According to the Baseline Requirements for certificate-issuing authorities, trusted certificates issued by authorities cannot have serial numbers of fewer than 64 bits. To abide by this requirement, all certificate authorities use specialised software to generate trusted certificates with 64-bit or 72-bit encryption.
However, there is another baseline requirement that needs to be adhered to by all certificate issuers- that serial numbers assigned to each certificate by an issuer "MUST be a positive integer" and must be unique for each certificate.
To adhere to this requirement, the open-source EJBCA software, which is used by many certificate authorities to generate trusted certificates, has been modified to use 0 as the 64th bit, using random numbers to fill up the remaining 63 slots.
According to Adam Caudill, a director of Application Security Testing, researcher and software developer, thanks to the modification, trusted certificates generated using EJBCA always give 63 effective bits of output, thereby violating the very baseline requirement it intended to fulfill.
The use of 63 effective bits also reduces the number of possible values by half considering that the difference between 2^64 and 2^63 is over 9 quintillion, says Caudill, but despite that, trusted certificates in the SHA2 family have no known vulnerabilities that could be exploited and they still have 63-bits of encryption which is still quite substantial.
"Entropy in the serial number is required as a way to prevent hash collisions from being used to forge certificates; this requires an ability to predict or control certificate contents and the use of a flawed hashing algorithm, adding a random value makes this more difficult.
"This type of issue has been exploited with MD5, and could someday be exploited with SHA1; there’s no known flaws in the SHA2 family (used in all current end-entity certificates) that would allow such an attack. In addition, while due to this issue, the level of protection is reduced by half, 2^63 is still a large number and provides a substantial amount of safety margin," he wrote in a blog post.

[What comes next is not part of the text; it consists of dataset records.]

Lemma infinite_component_is_cut r :
  infinite_set (conn_in G C r) -> is_cut G (conn_in G C r).
Proof.
  destruct HC as [_ [HcC HfinC]]; intros Hinf; repeat split; auto.
  - intros Hfin; apply HcC, (finite_set_incl _ _ Hfin).
    intros t Ht Hrt; apply Ht; eapply conn_in_r; eauto.
  - apply (finite_set_incl _ _ HfinC), boundary_component_incl.
Qed.

Lemma attached_length_ge_k0 k0 r :
  is_k0 G k0 -> infinite_set (conn_in G C r) -> k0 <= length (attached r).
Proof.
  intros [_ Hmin] Hinf.
  pose proof (infinite_component_is_cut r Hinf) as Hcut.
  destruct (proj2 (proj2 Hcut)) as [m Hm].
  apply Nat.le_trans with m; [exact (Hmin _ m Hcut Hm)|].
  apply (has_card_le_length _ _ _ Hm); intros p Hp; apply filter_In; split.
  - apply HL, (boundary_component_incl G C r), Hp.
  - apply pdec_spec, Hp.
Qed.

Lemma attached_sum_le R : ForallOrdPairs (fun a b => ~ conn_in G C a b) R ->
  list_sum (map (fun r => length (attached r)) R) <= length L.
Proof.
  intros Hpw; apply (list_sum_filter_length_le (fun r p => pdec (conn_in G C r (fst p)))).
  intros p; apply filter_conn_in_length_le_1; auto.
Qed.

Lemma component_reps_of_pairwise r :
  (forall x, In x r -> C x) -> ForallOrdPairs (fun a b => ~ conn_in G C a b) r ->
  (forall x, C x -> exists y, In y r /\ conn_in G C y x) -> component_reps G C r.
Proof.
  intros HrC Hpw Hcov; repeat split; auto.
  apply (ForallOrdPairs_nth (fun a b => ~ conn_in G C a b)); auto.
  intros a b Hab Hba; apply Hab, conn_in_sym; auto.
Qed.

Lemma component_reps_split : exists lfin linf,
  ForallOrdPairs (fun a b => ~ conn_in G C a b) (lfin ++ linf) /\
  component_reps G C (lfin ++ linf) /\
  Forall (fun x => finite_set (conn_in G C x)) lfin /\
  Forall (fun x => infinite_set (conn_in G C x)) linf.
Proof.
  set (endpoints_with P := filter (fun x => pdec (P (conn_in G C x))) (map fst L)).
  set (R := conn_in G C).
  set (Efin := endpoints_with finite_set); set (Einf := endpoints_with infinite_set).
  destruct (class_reps_app R Efin Einf) as [lfin [Hincl Hsplit]].
  assert (Hendpoints :
    forall P x, In x (endpoints_with P) -> In x (map fst L) /\ P (conn_in G C x)).
  { intros P x Hx; apply filter_In in Hx; rewrite pdec_spec in Hx; exact Hx. }
  assert (Hendpoint_C : forall x, In x (map fst L) -> C x).
  { intros x Hx; apply in_map_iff in Hx; destruct Hx as [p [<- Hp]]; apply HL, Hp. }
  exists lfin, (class_reps R Einf); rewrite <- Hsplit.
  assert (Hpw := class_reps_pairwise R (Efin ++ Einf)).
  split; [exact Hpw | split; [|split]].
  - apply component_reps_of_pairwise; auto.
    + intros x Hx; apply class_reps_incl, in_app_or in Hx.
      destruct Hx as [Hx|Hx]; apply Hendpoints in Hx; apply Hendpoint_C, Hx.
    + intros x Hx; destruct (component_meets_boundary x Hx) as [p [Hp Hxp]].
      destruct (class_reps_cover R (Efin ++ Einf)) with (x := fst p) as [y [Hy Hpy]].
      * intros z Hz; apply in_app_or in Hz.
        constructor; destruct Hz as [Hz|Hz]; apply Hendpoints in Hz; apply Hendpoint_C, Hz.
      * apply in_or_app; destruct (classic (finite_set (conn_in G C (fst p))));
          [left | right]; apply filter_In; rewrite pdec_spec; auto using in_map.
      * exists y; split; auto; apply (conn_in_sym G G_sym), conn_in_trans with (fst p); auto.
  - apply Forall_forall; intros x Hx; apply (Hendpoints _ x (Hincl x Hx)).
  - apply Forall_forall; intros x Hx; apply (Hendpoints _ x (class_reps_incl R _ x Hx)).
Qed.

Even though the risk factor is minimal, certificate issuers such as Google, Apple, and GoDaddy have to revoke a little over a million certificates issued using the EJBCA software as the 63-bit outcome is in violation of baseline requirements.

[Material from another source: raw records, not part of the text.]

Lemma rebuilt_wf (T0 : table K) : rebuilt n h T0 -> wf n h T0.
Proof.
case=> no_tomb in_run sorted; split.
- move=> r; rewrite /hash_at /get; case: ifP => // r_in.
  have := no_tomb r r_in; case E: (T0 r) => [|x|a] //= _.
  by have [] := in_run r x r_in E.
- move=> r occ_r occ_r1.
  have r_in := occupied_range occ_r; have r1_in := occupied_range occ_r1.
  move: occ_r occ_r1; rewrite /occupied /hash_at !get_in // => occ_r occ_r1.
  by apply: sorted => //; lia.
- move=> r s occ_r s_in; have r_in := occupied_range occ_r.
  move: occ_r s_in; rewrite /occupied /hash_at get_in //.
  have := no_tomb r r_in; case E: (T0 r) => [|x|a] //= _ _ s_in.
  have [_ no_free] := in_run r x r_in E; have hx := hash_range x.
  by rewrite get_in; [apply: no_free | lia].
Qed.

Lemma rebuilt_hash_count (T0 : table K) P : rebuilt n h T0 ->
  hash_count n h P T0 <= count P [seq h x | x <- pmap (fun q => key_of (T0 q)) (iota 1 n)].
Proof.
case=> no_tomb _ _.
have : all (fun r => 1 <= r <= n) (iota 1 n) by apply/allP => r; rewrite mem_iota; lia.
rewrite /hash_count /index_iota subn1 /=.
elim: (iota 1 n) => [|r s IH]; first by rewrite big_nil.
rewrite /= big_cons => /andP [r_in s_in].
have := IH s_in; rewrite /occupied /hash_at get_in //.
by have := no_tomb r r_in; case: (T0 r) => [|x|a] //= _ le; rewrite leq_add2l.
Qed.

End Operations.
Section Cost.
Variables (K : eqType) (n : nat) (h : K -> nat).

According to yet another Baseline Requirement, if a certificate is not in accordance with baseline requirements or the CA's Certificate Policy, it has to be revoked within five days. Abiding by this rule would involve all certificate issuers revoking over a million certificates within five days which is a next-to-impossible task.
"Google was able to revoke approximately 95 percent if their mis-issued certificates within the five days, Apple announced that they wouldn’t be able to complete the process within five days, and GoDaddy stated that they would need 30 days to complete the process.
"The same reason was cited by all three: minimising impact. Without robust automation, changing certificates can be complex and time-consuming, leaving the CA to choose between complying with requirements or impacting their customers," Caudill added.
Commenting on the erroneous issuance of over a million trusted certificates, Kevin Bocek, VP of Security Strategy and Threat Intelligence at Venafi told SC Magazine UK that replacing a single digital certificate can take hours and most firms don’t have automated processes in place to replace large numbers of them when problems like this occur. As a result, many businesses are going to feel a lot of pain.
"Even worse, if the replacement process isn’t completed by experts it’s very error-prone, and the ‘cure’ can introduce new vulnerabilities or cause business systems to fail. This is a huge third party risk that CISOs and board members don’t understand," he added.